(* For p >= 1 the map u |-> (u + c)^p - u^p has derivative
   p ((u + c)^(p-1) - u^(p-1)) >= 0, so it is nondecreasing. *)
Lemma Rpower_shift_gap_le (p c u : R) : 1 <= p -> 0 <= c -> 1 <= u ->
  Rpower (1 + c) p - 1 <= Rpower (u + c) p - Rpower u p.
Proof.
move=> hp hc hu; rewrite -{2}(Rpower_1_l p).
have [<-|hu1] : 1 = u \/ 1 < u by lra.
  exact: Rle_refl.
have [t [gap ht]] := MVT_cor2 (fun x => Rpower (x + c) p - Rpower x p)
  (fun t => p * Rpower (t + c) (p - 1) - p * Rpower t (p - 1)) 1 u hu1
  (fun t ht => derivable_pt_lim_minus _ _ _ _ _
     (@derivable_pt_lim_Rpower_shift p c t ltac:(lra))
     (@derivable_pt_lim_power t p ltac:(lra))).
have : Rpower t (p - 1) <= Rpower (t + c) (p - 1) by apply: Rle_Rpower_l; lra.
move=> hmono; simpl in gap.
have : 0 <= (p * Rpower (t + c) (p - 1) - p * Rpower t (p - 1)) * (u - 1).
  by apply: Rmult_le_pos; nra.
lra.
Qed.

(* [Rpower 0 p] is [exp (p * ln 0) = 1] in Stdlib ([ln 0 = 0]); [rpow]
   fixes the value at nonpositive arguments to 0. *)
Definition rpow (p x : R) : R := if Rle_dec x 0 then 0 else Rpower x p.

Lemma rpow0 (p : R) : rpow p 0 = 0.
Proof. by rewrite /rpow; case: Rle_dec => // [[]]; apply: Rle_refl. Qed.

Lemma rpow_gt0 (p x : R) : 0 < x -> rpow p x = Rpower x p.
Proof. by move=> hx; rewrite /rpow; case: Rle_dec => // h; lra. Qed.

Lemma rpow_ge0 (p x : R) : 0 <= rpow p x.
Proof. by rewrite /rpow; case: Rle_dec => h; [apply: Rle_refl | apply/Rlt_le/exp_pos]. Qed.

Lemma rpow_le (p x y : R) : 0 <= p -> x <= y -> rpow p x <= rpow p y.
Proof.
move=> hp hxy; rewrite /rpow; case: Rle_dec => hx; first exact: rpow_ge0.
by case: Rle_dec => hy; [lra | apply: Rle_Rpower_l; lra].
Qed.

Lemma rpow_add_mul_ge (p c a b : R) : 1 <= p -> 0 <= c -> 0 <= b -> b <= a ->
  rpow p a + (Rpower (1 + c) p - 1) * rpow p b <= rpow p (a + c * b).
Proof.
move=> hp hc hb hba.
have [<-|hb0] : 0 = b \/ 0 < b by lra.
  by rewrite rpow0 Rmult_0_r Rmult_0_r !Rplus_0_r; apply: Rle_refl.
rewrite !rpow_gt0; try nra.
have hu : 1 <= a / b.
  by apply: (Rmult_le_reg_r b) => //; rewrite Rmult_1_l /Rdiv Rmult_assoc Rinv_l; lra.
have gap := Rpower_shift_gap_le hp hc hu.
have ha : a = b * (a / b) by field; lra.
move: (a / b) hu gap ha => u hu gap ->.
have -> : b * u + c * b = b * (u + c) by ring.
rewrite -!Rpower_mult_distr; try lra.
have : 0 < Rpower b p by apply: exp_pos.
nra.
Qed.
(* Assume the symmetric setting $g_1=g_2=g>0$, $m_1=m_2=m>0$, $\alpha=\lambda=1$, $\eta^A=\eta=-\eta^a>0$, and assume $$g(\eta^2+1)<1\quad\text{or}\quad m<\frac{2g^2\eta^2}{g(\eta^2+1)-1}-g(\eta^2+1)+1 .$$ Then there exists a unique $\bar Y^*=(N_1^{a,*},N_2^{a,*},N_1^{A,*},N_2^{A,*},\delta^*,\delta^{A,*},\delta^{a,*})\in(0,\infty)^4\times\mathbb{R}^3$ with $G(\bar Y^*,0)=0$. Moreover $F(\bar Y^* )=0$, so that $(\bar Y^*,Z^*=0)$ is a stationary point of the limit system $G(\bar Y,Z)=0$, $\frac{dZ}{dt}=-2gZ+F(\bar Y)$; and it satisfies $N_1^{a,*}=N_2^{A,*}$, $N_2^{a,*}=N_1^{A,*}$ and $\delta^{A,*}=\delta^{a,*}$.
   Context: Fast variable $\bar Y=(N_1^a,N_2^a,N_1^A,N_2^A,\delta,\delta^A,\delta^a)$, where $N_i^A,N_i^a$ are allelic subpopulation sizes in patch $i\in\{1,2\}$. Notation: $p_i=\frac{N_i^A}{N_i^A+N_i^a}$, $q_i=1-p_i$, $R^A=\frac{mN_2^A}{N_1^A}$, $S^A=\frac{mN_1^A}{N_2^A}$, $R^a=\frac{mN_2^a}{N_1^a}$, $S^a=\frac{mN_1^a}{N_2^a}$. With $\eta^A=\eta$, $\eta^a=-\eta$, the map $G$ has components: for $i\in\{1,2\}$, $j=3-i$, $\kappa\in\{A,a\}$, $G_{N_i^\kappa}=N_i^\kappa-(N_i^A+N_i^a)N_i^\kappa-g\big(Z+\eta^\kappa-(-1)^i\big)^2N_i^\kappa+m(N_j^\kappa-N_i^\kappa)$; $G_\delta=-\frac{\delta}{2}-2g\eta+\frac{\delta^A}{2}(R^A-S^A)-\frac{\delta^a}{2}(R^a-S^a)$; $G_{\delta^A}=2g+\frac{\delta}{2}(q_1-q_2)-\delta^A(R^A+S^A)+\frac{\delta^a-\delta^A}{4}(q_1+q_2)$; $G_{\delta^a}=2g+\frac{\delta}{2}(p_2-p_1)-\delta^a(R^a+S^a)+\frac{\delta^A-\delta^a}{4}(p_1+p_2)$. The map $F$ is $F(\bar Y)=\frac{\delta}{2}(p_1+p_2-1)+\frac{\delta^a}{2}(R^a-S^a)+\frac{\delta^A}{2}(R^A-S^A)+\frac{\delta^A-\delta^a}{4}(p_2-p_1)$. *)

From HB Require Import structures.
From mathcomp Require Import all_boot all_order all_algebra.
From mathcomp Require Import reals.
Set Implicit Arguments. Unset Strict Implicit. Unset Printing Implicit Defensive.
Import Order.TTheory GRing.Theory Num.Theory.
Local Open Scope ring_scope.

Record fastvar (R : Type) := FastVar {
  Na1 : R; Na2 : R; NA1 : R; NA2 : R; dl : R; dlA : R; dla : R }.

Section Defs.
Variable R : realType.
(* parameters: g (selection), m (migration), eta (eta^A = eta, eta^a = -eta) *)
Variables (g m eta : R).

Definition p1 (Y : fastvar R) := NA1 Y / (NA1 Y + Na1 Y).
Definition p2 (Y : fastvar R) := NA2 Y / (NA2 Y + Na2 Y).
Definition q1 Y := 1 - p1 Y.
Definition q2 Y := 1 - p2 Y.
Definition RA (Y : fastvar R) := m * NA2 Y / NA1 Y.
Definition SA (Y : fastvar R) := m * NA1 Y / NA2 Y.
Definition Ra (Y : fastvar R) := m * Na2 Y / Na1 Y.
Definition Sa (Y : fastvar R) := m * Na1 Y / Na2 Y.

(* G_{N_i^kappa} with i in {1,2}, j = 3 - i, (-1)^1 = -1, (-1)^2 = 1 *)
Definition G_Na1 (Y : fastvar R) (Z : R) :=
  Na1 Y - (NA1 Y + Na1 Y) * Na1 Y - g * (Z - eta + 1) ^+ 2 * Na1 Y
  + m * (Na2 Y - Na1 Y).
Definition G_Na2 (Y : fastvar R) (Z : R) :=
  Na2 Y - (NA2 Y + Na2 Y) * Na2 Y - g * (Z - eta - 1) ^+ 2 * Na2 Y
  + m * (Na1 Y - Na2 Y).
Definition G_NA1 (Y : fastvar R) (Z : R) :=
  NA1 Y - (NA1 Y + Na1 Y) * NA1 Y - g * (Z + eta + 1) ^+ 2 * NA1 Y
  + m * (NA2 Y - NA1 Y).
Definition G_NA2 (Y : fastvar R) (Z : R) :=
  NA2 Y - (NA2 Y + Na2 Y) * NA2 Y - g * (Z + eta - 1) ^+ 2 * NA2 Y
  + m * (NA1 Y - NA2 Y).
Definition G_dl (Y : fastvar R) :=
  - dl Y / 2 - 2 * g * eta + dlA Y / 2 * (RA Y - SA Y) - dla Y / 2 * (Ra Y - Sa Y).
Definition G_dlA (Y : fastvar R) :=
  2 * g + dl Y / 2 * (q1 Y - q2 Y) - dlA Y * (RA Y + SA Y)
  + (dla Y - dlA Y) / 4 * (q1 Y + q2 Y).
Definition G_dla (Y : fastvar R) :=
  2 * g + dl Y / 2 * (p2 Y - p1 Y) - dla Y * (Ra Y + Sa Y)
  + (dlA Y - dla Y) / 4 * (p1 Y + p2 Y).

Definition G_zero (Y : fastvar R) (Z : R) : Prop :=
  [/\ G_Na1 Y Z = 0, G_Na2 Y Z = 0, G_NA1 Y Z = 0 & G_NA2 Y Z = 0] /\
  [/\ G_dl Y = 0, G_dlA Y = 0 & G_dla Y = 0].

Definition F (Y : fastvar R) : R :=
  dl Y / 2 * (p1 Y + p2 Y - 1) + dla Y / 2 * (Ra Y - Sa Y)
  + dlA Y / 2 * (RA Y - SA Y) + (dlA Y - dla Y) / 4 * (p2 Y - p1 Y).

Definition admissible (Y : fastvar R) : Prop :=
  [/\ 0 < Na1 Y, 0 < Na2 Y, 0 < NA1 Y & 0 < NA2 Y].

■ ■ ■

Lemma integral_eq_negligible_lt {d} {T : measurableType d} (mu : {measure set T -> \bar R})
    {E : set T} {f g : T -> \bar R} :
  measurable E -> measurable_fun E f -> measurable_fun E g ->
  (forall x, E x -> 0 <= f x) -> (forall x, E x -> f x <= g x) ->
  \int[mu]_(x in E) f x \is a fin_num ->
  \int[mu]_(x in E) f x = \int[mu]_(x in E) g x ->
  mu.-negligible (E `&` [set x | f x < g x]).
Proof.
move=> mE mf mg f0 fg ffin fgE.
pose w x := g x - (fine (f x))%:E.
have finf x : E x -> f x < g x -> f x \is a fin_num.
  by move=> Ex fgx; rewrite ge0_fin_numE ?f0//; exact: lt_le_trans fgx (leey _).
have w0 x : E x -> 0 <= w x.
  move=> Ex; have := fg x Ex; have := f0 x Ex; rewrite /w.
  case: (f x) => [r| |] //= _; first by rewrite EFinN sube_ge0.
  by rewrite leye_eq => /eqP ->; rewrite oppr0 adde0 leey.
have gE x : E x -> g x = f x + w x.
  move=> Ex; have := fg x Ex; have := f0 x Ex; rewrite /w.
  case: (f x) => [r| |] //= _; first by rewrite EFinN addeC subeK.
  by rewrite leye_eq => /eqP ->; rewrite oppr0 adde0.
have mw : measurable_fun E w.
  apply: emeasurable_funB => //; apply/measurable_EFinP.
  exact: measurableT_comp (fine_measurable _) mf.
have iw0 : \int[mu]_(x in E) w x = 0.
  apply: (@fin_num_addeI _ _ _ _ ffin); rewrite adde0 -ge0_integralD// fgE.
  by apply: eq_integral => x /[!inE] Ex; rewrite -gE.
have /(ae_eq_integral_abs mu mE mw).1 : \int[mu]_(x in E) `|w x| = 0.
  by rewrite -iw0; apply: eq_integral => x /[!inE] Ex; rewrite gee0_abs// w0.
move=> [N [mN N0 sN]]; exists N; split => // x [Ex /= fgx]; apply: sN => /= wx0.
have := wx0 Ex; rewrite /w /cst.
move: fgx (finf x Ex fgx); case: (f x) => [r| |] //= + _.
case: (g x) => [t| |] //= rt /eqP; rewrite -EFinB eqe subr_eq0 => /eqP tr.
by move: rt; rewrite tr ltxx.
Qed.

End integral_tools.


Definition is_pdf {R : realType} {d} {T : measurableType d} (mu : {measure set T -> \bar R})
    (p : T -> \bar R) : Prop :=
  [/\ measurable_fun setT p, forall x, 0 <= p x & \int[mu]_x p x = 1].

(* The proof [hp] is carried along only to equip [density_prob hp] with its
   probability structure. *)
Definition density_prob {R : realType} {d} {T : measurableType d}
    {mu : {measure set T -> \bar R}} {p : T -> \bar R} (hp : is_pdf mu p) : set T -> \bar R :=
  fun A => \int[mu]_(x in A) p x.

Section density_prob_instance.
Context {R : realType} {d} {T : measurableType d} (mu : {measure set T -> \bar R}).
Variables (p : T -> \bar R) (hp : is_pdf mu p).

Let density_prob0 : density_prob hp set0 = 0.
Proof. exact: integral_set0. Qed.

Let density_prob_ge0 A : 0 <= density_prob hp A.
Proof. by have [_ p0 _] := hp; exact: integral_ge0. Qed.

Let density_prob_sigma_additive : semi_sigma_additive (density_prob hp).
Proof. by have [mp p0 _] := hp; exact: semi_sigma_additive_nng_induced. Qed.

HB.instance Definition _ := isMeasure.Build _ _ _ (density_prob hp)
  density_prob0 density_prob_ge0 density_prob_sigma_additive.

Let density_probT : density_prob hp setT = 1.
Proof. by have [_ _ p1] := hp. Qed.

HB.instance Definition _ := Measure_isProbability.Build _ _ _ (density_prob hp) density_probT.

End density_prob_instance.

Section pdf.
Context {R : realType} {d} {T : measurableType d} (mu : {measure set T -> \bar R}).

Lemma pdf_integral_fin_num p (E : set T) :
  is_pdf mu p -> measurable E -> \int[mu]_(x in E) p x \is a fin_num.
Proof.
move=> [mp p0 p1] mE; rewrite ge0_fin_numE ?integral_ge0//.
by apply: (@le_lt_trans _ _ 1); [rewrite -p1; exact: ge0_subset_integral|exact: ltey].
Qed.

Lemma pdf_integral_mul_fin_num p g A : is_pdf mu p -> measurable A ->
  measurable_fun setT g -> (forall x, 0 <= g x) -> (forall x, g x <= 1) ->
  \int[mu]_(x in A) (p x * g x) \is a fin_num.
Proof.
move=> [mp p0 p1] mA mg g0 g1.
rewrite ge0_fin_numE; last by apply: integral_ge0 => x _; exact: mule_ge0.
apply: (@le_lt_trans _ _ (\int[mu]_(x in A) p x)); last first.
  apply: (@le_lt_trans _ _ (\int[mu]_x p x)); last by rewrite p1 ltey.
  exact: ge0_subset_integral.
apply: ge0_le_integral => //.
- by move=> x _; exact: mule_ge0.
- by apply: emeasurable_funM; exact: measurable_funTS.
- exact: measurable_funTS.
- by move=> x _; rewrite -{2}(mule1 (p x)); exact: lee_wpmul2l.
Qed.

■ ■ ■

Activity:
For each line in the records that contains the word "leey", make a copy.

The answer:
  by move=> Ex fgx; rewrite ge0_fin_numE ?f0//; exact: lt_le_trans fgx (leey _).
  by rewrite leye_eq => /eqP ->; rewrite oppr0 adde0 leey.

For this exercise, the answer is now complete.